Wire Stripper, just go to any hardware store and they'll have a selection of atleast 3 different ones. Pick one that will work with the gauge of the wire you are using.


----------



## nikongod

Quote: 





iamthecheese said:


> Wire Stripper, just go to any hardware store and they'll have a selection of atleast 3 different ones. Pick one that will work with the gauge of the wire you are using.


 

 They are enameled strands, not a big bundle in a PVC/teflon sheath. 
   
  I usually have good luck with a knife.
  Others have suggested acetone (nail-polish remover) or other less friendly chemicals. Just take appropriate cautions with whatever you use.


----------



## zammykoo

Quote: 





vincentvdn said:


> I've tried using a lighter but then the copper wires break and/or get dirty
> I've tried scratching it off with a knife, they break
> I've tried using the heat of a little ball of solder on the iron, doesn't work


 
   
  Wow, how thick is this enamel?? Usually burning with a lighter works great for me, if it gets dirty just use some steel wool to clean it off afterwards. I think this method is the quickest without risking cutting the wires (as using a knife).


----------



## HiFi1972

I simply run them through a ball of solder (25w at least) which tins the wires at the same time.


----------



## zammykoo

Quote: 





hifi1972 said:


> I simply run them through a ball of solder (25w at least) which tins the wires at the same time.


 


  OP said this didn't work for him. Maybe his iron isn't hot enough?


----------



## PinkysBrain

When replugging my  CX300 I used the hot solder iron to scratch it off. Even if I didn't get all the paint off, it was enough.
   
  I also read in some recabling guide that you can use aspirin together with a solderin iron.

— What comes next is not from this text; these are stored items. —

Lemma card_signed_entry_residue v y : v %| 8 * n -> 4 %| v -> y < v ->
  #|[set q | signed_entry q %% v == y]| = if 4 %| y then 0 else 8 * n %/ v.
Proof.
move=> v_dvd four_dvd_v lt_y.
rewrite -(card_imset _ signed_entry_ord_inj) -card_nonmult4_residue //.
apply: eq_card => z; rewrite [RHS]inE; apply/imsetP/andP.
- move=> [q]; rewrite inE => res_q ->; split; last by rewrite /= modn_dvdm.
  by have := imset_f signed_entry_ord (in_setT q); rewrite signed_entry_cover inE.
- move=> [nmult4_z res_z].
  have : z \in signed_entry_ord @: setT by rewrite signed_entry_cover inE.
  case/imsetP => q _ z_q.
  by exists q => //; rewrite inE -(modn_dvdm _ v_dvd); rewrite z_q in res_z.
Qed.

End SignedEntries.

Lemma natr_Zp_eq0 v a : 1 < v -> v %| a -> (a%:R : 'Z_v)%R = 0%R.
Proof. by move=> v_gt1 /dvdnP[c ->]; rewrite natrM pchar_Zp // mulr0. Qed.

Lemma natr_Zp_eq v a (y : 'Z_v) : 1 < v -> ((a%:R : 'Z_v) == y)%R = (a %% v == y).
Proof. by move=> v_gt1; rewrite -val_eqE /= val_Zp_nat. Qed.

Definition base_array n v : 'I_n -> 'I_n -> option 'Z_v :=
  band n 3 (fun i d => (entry n i d false)%:R)%R.

Section BaseArray.

Variables (n v : nat).
Hypotheses (n_ge3 : 3 <= n) (v_gt1 : 1 < v) (v_dvd : v %| 8 * n).

Fact n_gt0 : 0 < n.
Proof. exact: leq_trans n_ge3. Qed.

Lemma base_array_row_sum (i : 'I_n) : (\sum_(j < n) odflt 0 (base_array v i j))%R = 0%R.
Proof.
rewrite band_row_sum ?n_gt0 // -natr_sum natr_Zp_eq0 //.
exact: dvdn_trans v_dvd (entry_row_sum (ltn_ord i)).
Qed.

Lemma base_array_col_sum (j : 'I_n) : (\sum_(i < n) odflt 0 (base_array v i j))%R = 0%R.
Proof.
rewrite band_col_sum ?n_gt0 // -natr_sum natr_Zp_eq0 //.
exact: dvdn_trans v_dvd (entry_col_sum (ltn_ord j) n_ge3).
Qed.

Lemma entry_eq_opp i d (y : 'Z_v) : i < n -> d < 3 ->
  (((entry n i d false)%:R : 'Z_v) == - y)%R = (entry n i d true %% v == y).
Proof.
move=> lt_i lt_d.
have opp_entry : ((entry n i d true)%:R = - (entry n i d false)%:R :> 'Z_v)%R.
  apply/eqP; rewrite -addr_eq0 -natrD addnC natr_Zp_eq0 //.
  exact: dvdn_trans v_dvd (entry_opp lt_i lt_d).
by rewrite -natr_Zp_eq // opp_entry eqr_oppLR.
Qed.

Lemma base_array_signed_count (y : 'Z_v) :
  #|[set p : 'I_n * 'I_n | base_array v p.1 p.2 == Some y]|
  + #|[set p : 'I_n * 'I_n | base_array v p.1 p.2 == Some (- y)%R]|
  = #|[set q : 'I_n * ('I_3 * bool) | signed_entry q %% v == y]|.
Proof.
rewrite !band_count ?n_gt0 // -big_split card_set_sum /=.
rewrite -(pair_bigA _ (fun i p => (signed_entry (i, p) %% v == y : nat))) /=.
apply: eq_bigr => i _; rewrite -big_split /=.
rewrite -(pair_bigA _ (fun d neg => (signed_entry (i, (d, neg)) %% v == y : nat))) /=.
apply: eq_bigr => d _; rewrite big_bool entry_eq_opp // natr_Zp_eq //.
by rewrite addnC.
Qed.

End BaseArray.

(* For odd n >= 3 and 2n = lam * t, the base array over Z_v with v = 4t is a
   ^lam H_t(n;3): J consists of the multiples of 4 and 8n = lam * v. *)
Lemma base_array_heffter n lam t v : odd n -> 3 <= n -> 2 * n = lam * t -> v = 4 * t ->
  @is_heffter lam t n n 3 3 v (base_array v).
Proof.
move=> n_odd n_ge3 two_n v_eq.
have t_gt0 : 0 < t by case: t two_n {v_eq} => [|//]; rewrite muln0; lia.
have v_gt1 : 1 < v by lia.
have eight_n : 8 * n = lam * v by rewrite v_eq; lia.
have v_dvd : v %| 8 * n by rewrite eight_n dvdn_mull.
have four_dvd_v : 4 %| v by rewrite v_eq dvdn_mulr.
split; first by move=> i; apply: band_row_card => //; lia.
split; first by move=> j; apply: band_col_card => //; lia.
split; last by split=> [i | j]; [apply: base_array_row_sum | apply: base_array_col_sum].
move=> y; rewrite base_array_signed_count // card_signed_entry_residue //; last first.
  by rewrite -[X in _ < X](Zp_cast v_gt1) ltn_ord.
have v_div_t : v %/ t = 4 by rewrite v_eq mulnK.
by rewrite /subJ inE v_div_t eight_n mulnK //; lia.
Qed.

Theorem proposition4 (n lam : nat) :
  odd n -> (3 <= n)%N -> (0 < lam)%N -> (lam %| 2 * n)%N ->
  exists_heffter_sq lam ((2 * n) %/ lam) n 3.
Proof.
move=> n_odd n_ge3 lam_gt0 lam_dvd.
set t := (2 * n) %/ lam.
have two_n : 2 * n = lam * t by rewrite [RHS]mulnC divnK.
have t_gt0 : 0 < t by case: (t) two_n => [|//]; rewrite muln0; lia.
have three_t : (2 * n * 3) %/ lam = 3 * t by rewrite two_n -mulnA mulKn // mulnC.
do 6 (split; first by lia).
split; first by rewrite dvdn_mulr.
split; first by rewrite three_t dvdn_mull.
by exists (base_array _); apply: base_array_heffter => //; rewrite three_t; lia.
Qed.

The acid that is produced when burning the tablet (ventilate your room!) should help getting the paint off. Haven't tried it myself though as I didn't need to.


----------



## vincentvdn

Eureka! I tried again with the blob of solder, it kind of worked but not 100%. Anyway I get sound out of both sides so I'm happy 
  Probably the worst soldering job in the world though. Here's the end result:


----------



## zammykoo

Quote: 





vincentvdn said:


> Eureka! I tried again with the blob of solder, it kind of worked but not 100%. Anyway I get sound out of both sides so I'm happy
> Probably the worst soldering job in the world though. Here's the end result:


 


  You should have posted pics of the solder job


----------



## Uncle Erik

I'm a big fan of acetone/nail polish remover and mineral spirits. I always have some around for woodwork, so I use those to remove enamel.


----------



## FearSC549

Quote: 





uncle erik said:


> I'm a big fan of acetone/nail polish remover and mineral spirits. I always have some around for woodwork, so I use those to remove enamel.


 


  Ahhh, interesting. I will try that later, thanks.


----------



## customNuts

Could you exlain how Uncle Erik? ie just wipe it on the end or dip the wire in a pot of the acetone + mineral spirits?? I'm using clairvoyant cables gold plated copper 28awg.


----------



## Uncle Erik

I usually pour it onto 0000 steel wool and scrub it off the wires. Doesn't take too long. You can also use a cloth or paper towel. It'll take slightly longer, but still comes off. I like the steel wool because it cuts slightly and leaves a rougher surface - better for the solder to fill in and grip. Yeah, a minor thing, but I always have a loaf of steel wool around.


----------



## IPodPJ

A solder pot would probably work the best, but since it's only for a one-off project the other suggestions in here have been good.
  And I doubt your soldering (even if it's your first attempt) would be as bad as some that we've seen around here.


----------



## 3602

I've heard about using _molten_ rosin to sorta corrode/dissolve the enamel.
  I myself never found the need of doing anything special to enamel wires. Then again, I have a 40W iron.


----------